■ **What you will do**:
Taking the data below line by line, count those that include the word "allP" and report the number alone.
Start of Provided records
(* Let $S=S(\lambda_1,\ldots,\lambda_d)$ be a spider whose number of vertices $n=1+\lambda_1+\cdots+\lambda_d$ is even, and let $j$ be the number of legs of odd length (necessarily $j$ is odd). Then $$[e_{(2^{n/2})}]X_S=(-1)^{\frac{j-1}{2}}\cdot 2.$$
   Context: A spider $S(\lambda_1,\ldots,\lambda_d)$, for positive integers $\lambda_1,\ldots,\lambda_d$, is the tree consisting of a vertex $v$ (the center) together with $d$ vertex-disjoint paths (legs) having $\lambda_1,\ldots,\lambda_d$ vertices respectively, where $v$ is joined by an edge to one endpoint of each leg; the length of the $i$-th leg is $\lambda_i$. $(2^{k})$ is the partition with $k$ parts equal to $2$. The chromatic symmetric function of $G$ is $X_G=\sum_\kappa \prod_{v} x_{\kappa(v)}$ over proper colorings $\kappa$, and $[e_\mu]X_G$ denotes the coefficient of $e_\mu$ in the expansion of $X_G$ in elementary symmetric functions. *)

From mathcomp Require Import all_boot all_algebra.
From mathcomp Require Import mpoly.
Set Implicit Arguments. Unset Strict Implicit. Unset Printing Implicit Defensive.
Import GRing.Theory.
Local Open Scope ring_scope.

Definition proper_coloring (V : finType) (adj : rel V) (N : nat)
    (kappa : {ffun V -> 'I_N}) : bool :=
  [forall x, forall y, adj x y ==> (kappa x != kappa y)].

Definition chrom_sym (V : finType) (adj : rel V) (N : nat) : {mpoly int[N]} :=
  \sum_(kappa : {ffun V -> 'I_N} | proper_coloring adj kappa)
     \prod_(v : V) 'X_(kappa v).

Definition is_partition_of (n : nat) (l : seq nat) : bool :=
  [&& sorted geq l, all (fun x => 0 < x)%N l & sumn l == n].

(* The (duplicate-free) list of all partitions of n: every partition of n has
   at most n parts, each at most n, so it arises from some n-tuple over 'I_(n+1)
   after removing the zero entries. *)
Definition partitions_of (n : nat) : seq (seq nat) :=
  [seq l <- undup [seq [seq x <- map val (tval t) | (0 < x)%N]
                   | t <- enum {: n.-tuple 'I_n.+1}]
   | is_partition_of n l].

Definition elem_sym (N : nat) (l : seq nat) : {mpoly int[N]} :=
  \prod_(k <- l) mesym N int k.

Definition e_expansion (N n : nat) (f : {mpoly int[N]}) (c : seq nat -> int) : Prop :=
  f = \sum_(l <- partitions_of n) c l *: elem_sym N l.

(* S(lam_1,...,lam_d): vertices 0..n-1 with n = 1 + sum lam_i; vertex 0 is the
   center; leg i occupies the consecutive vertices
   1 + lam_1+...+lam_{i-1}, ..., lam_1+...+lam_i  (a path), and its first
   vertex (the "leg start") is joined to the center. *)
Definition spider_n (lam : seq nat) : nat := (1 + sumn lam)%N.

Definition leg_start (lam : seq nat) (v : nat) : bool :=
  has (fun i => v == (1 + sumn (take i lam))%N) (iota 0 (size lam)).

Definition spider_adj (lam : seq nat) : rel 'I_(spider_n lam) :=
  fun x y =>
    [|| ((val x == 0%N) && leg_start lam (val y)),
        ((val y == 0%N) && leg_start lam (val x)),
        [&& val x != 0%N, val y == (val x).+1 & ~~ leg_start lam (val y)]
      | [&& val y != 0%N, val x == (val y).+1 & ~~ leg_start lam (val x)]].

(* X_S computed in n = |V(S)| variables (enough to determine the
   coefficients of all e_lambda with lambda |- n). *)
Definition spider_X (lam : seq nat) : {mpoly int[spider_n lam]} :=
  @chrom_sym _ (@spider_adj lam) (spider_n lam).

From mathcomp Require Import all_boot all_algebra.
From mathcomp Require Import mpoly.
From mathcomp Require Import fingroup perm.
From mathcomp Require Import zify.
Import GRing.Theory.
Local Open Scope ring_scope.

(* Both sides of an e-expansion of X_S are evaluated at the point
   x = (-1, 1, 0, ..., 0) in n variables.
   - The coordinates of x are the roots of (X^2 - 1) X^(n-2), so at x we have
     e_0 = 1, e_2 = -1 and e_k = 0 for all other k; hence e_lambda(x) = 0 unless
     lambda = (2^(n/2)), and the expansion evaluates to c(2^(n/2)) (-1)^(n/2).
   - In X_S(x) only the colourings with colours {0, 1} survive.  A tree has
     exactly two such proper colourings, given by its bipartition (A, B), so
     X_S(x) = (-1)^|A| + (-1)^|B|.
   - For the spider, A is the set of vertices at even distance from the centre;
     counting leg by leg gives 2|A| + j = n + 1, and the sign equation
     (-1)^|A| + (-1)^|B| = c (-1)^(n/2) then determines c. *)

Lemma mem_le_sumn (l : seq nat) (x : nat) : x \in l -> (x <= sumn l)%N.
Proof. by elim: l => [|y l IH] //=; rewrite inE => /orP[/eqP ->|/IH]; lia. Qed.

Lemma partition_range {n : nat} {l : seq nat} :
  is_partition_of n l -> all (fun x => 0 < x <= n)%N l.
Proof.
case/and3P=> _ /allP pos /eqP <-; apply/allP => x xl.
by rewrite pos //= mem_le_sumn.
Qed.

(* [partitions_of n] lists every partition of n exactly once: padding a
   partition with zeros gives an n-tuple over 'I_n.+1 from which it is
   recovered by erasing the zeros. *)
Lemma partitions_ofP (n : nat) (l : seq nat) :
  is_partition_of n l -> l \in partitions_of n.
Proof.
move=> pl; rewrite /partitions_of mem_filter pl mem_undup /=.
have /allP rng := partition_range pl.
have size_l : (size l <= n)%N.
  case/and3P: pl => _ pos /eqP <-; elim: l pos {rng} => //= x l IH /andP[x0 /IH].
  lia.
pose padded := l ++ nseq (n - size l) 0%N.
have size_padded : size [seq inord x : 'I_n.+1 | x <- padded] == n.
  by rewrite size_map size_cat size_nseq subnKC.
apply/mapP; exists (Tuple size_padded); first by rewrite mem_enum.
rewrite /= -map_comp.
have -> : [seq val (inord x : 'I_n.+1) | x <- padded] = padded.
  rewrite -[RHS]map_id; apply/eq_in_map => x.
  rewrite mem_cat => /orP[/rng /andP[_ xn]|/nseqP[-> _]] /=; by rewrite inordK.
rewrite filter_cat (all_filterP (_ : all (fun x => 0 < x)%N l)); last by case/and3P: pl.
by elim: (n - size l)%N => [|k]; rewrite ?cats0.
Qed.

Lemma partitions_of_uniq (n : nat) : uniq (partitions_of n).
Proof. by rewrite filter_uniq // undup_uniq. Qed.

Section Multiplicities.
Variable n : nat.
Local Notation S := [tuple mesym n int i.+1 | i < n].

Definition mult (l : seq nat) : 'X_{1..n} := [multinom count_mem i.+1 l | i < n].

Definition unmult (m : 'X_{1..n}) : seq nat :=
  flatten [seq nseq (m i) i.+1 | i <- enum 'I_n].

Lemma mem_unmult (m : 'X_{1..n}) (x : nat) : x \in unmult m -> (0 < x <= n)%N.
Proof. by case/flattenP=> _ /mapP[i _ ->] /nseqP[-> _]; rewrite ltn_ord. Qed.

Lemma count_unmult (m : 'X_{1..n}) (i : 'I_n) : count_mem i.+1 (unmult m) = m i.
Proof.
rewrite count_flatten -map_comp sumnE big_map big_enum /= (bigD1 i) //=.
rewrite count_nseq /= eqxx mul1n big1 ?addn0 // => j ji.
by rewrite count_nseq /= eqSS (inj_eq val_inj) (negbTE ji).
Qed.

Lemma mult_unmult (m : 'X_{1..n}) : mult (unmult m) = m.
Proof. by apply/mnmP => i; rewrite mnmE count_unmult. Qed.

Lemma mult_perm {l1 l2 : seq nat} : perm_eq l1 l2 -> mult l1 = mult l2.
Proof. by move/seq.permP => e; apply/mnmP => i; rewrite !mnmE e. Qed.

Lemma perm_unmult_mult {l : seq nat} :
  all (fun x => 0 < x <= n)%N l -> perm_eq l (unmult (mult l)).
Proof.
move=> /allP rng; apply/allP => x; rewrite mem_cat => /orP xl.
have /andP[x0 xn] : (0 < x <= n)%N by case: xl => [/rng|/mem_unmult].
have xn' : (x.-1 < n)%N by lia.
have -> : x = (Ordinal xn').+1 by rewrite /=; lia.
by apply/eqP; rewrite count_unmult mnmE.
Qed.

Lemma elem_sym_mult {l : seq nat} :
  all (fun x => 0 < x <= n)%N l -> elem_sym n l = 'X_[mult l] \mPo S.
Proof.
move=> /perm_unmult_mult pl; rewrite /elem_sym (perm_big _ pl) comp_mpolyX.
rewrite big_flatten big_map big_enum /=; apply: eq_bigr => i _.
by rewrite big_nseq iter_mulr_1 tnth_map tnth_ord_tuple.
Qed.

Lemma sumn_mult {l : seq nat} :
  all (fun x => 0 < x <= n)%N l -> sumn l = mnmwgt (mult l).
Proof.
move=> /perm_unmult_mult pl; rewrite (perm_sumn pl) sumn_flatten -map_comp.
rewrite sumnE big_map big_enum /mnmwgt; apply: eq_bigr => i _ /=.
by rewrite sumn_nseq mulnC.
Qed.

Definition partition_of_mult (m : 'X_{1..n}) : seq nat := sort geq (unmult m).

Lemma partition_of_multP (m : 'X_{1..n}) : mnmwgt m = n ->
  is_partition_of n (partition_of_mult m) /\ mult (partition_of_mult m) = m.
Proof.
move=> wm; have ps : perm_eq (partition_of_mult m) (unmult m) by rewrite perm_sort.
have rng : all (fun x => 0 < x <= n)%N (partition_of_mult m).
  by apply/allP => x; rewrite (perm_mem ps) => /mem_unmult.
split; last by rewrite (mult_perm ps) mult_unmult.
apply/and3P; split.
- by apply: sort_sorted => x y; apply: leq_total.
- by apply/allP => x /(allP rng) /andP[].
- by rewrite (sumn_mult rng) (mult_perm ps) mult_unmult wm.
Qed.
End of Provided records
■ **Result of the exercise**:
5